EXERCISE BRIEF:
Look for the word "From". Copy every line of the listing where it occurs.

DATA TO USE:
(* Let $n\in\mathbb N$ and let $f$ be extremal for $M_n$ with $f(0)=e^{-t}$, $t>0$, written as $f(z)=\exp\big(-\sum_{j=1}^N\lambda_j\frac{1+\alpha_jz}{1-\alpha_jz}\big)$ with $\alpha_j=e^{-i\theta_j}$. Let $\varphi(\theta)=-i\lim_{r\to1^-}\log f(re^{i\theta})$ (logarithm real at $0$), defined for $\theta\notin\{\theta_1,\dots,\theta_N\}$, so that $f(e^{i\theta})=e^{i\varphi(\theta)}$ a.e. If $\mu_1,\dots,\mu_N$ denote the zeros of $\varphi$ in $[0,2\pi)$, then \[\varphi(\theta)=t\,\frac{\prod_{j=1}^N\sin\big(\frac{\theta-\mu_j}{2}\big)}{\prod_{j=1}^N\sin\big(\frac{\theta-\theta_j}{2}\big)}.\]
   Context: $\mathbb D$ is the open unit disc; $\mathcal B_0=\{f$ holomorphic on $\mathbb D: 0<|f|\le1\}$; $M_n(f)=\mathrm{Re}\,a_n$; $f\in\mathcal B_0$ is extremal for $M_n$ if $M_n(f)\ge M_n(F)$ for all $F\in\mathcal B_0$. It is known that an extremal $f$ with $f(0)>0$ has the displayed form with $1\le N\le n$, $\lambda_j>0$, distinct $\alpha_j\in\partial\mathbb D$; explicitly $\varphi(\theta)=-\sum_{j=1}^N\lambda_j\cot\big(\frac{\theta-\theta_j}{2}\big)$, which has exactly $N$ zeros in $[0,2\pi)$. *)

From Stdlib Require Import Reals.
From Coquelicot Require Import Coquelicot.

Open Scope R_scope.

Notation CC := Complex.C.

Definition cexp (z : CC) : CC :=
  (exp (fst z) * cos (snd z), exp (fst z) * sin (snd z)).

Fixpoint csum (N : nat) (g : nat -> CC) : CC :=
  match N with
  | O => RtoC 0
  | S k => Cplus (csum k g) (g k)
  end.

Fixpoint rprod (N : nat) (g : nat -> R) : R :=
  match N with
  | O => 1
  | S k => rprod k g * g k
  end.

Definition holo_disc (f : CC -> CC) : Prop :=
  forall z : CC, Cmod z < 1 -> @ex_derive C_AbsRing C_NormedModule f z.

Definition B0 (f : CC -> CC) : Prop :=
  holo_disc f /\ forall z : CC, Cmod z < 1 -> 0 < Cmod (f z) /\ Cmod (f z) <= 1.

Definition taylor_coeffs (f : CC -> CC) (a : nat -> CC) : Prop :=
  forall z : CC, Cmod z < 1 -> @is_pseries C_AbsRing C_NormedModule a z (f z).

(* M_n(f) = Re a_n ; f is extremal for M_n *)
Definition extremal (n : nat) (f : CC -> CC) : Prop :=
  B0 f /\
  exists a : nat -> CC, taylor_coeffs f a /\
    forall (F : CC -> CC) (b : nat -> CC), B0 F -> taylor_coeffs F b ->
      fst (b n) <= fst (a n).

RESULT OF THIS TASK:
From Stdlib Require Import Reals.
From Coquelicot Require Import Coquelicot.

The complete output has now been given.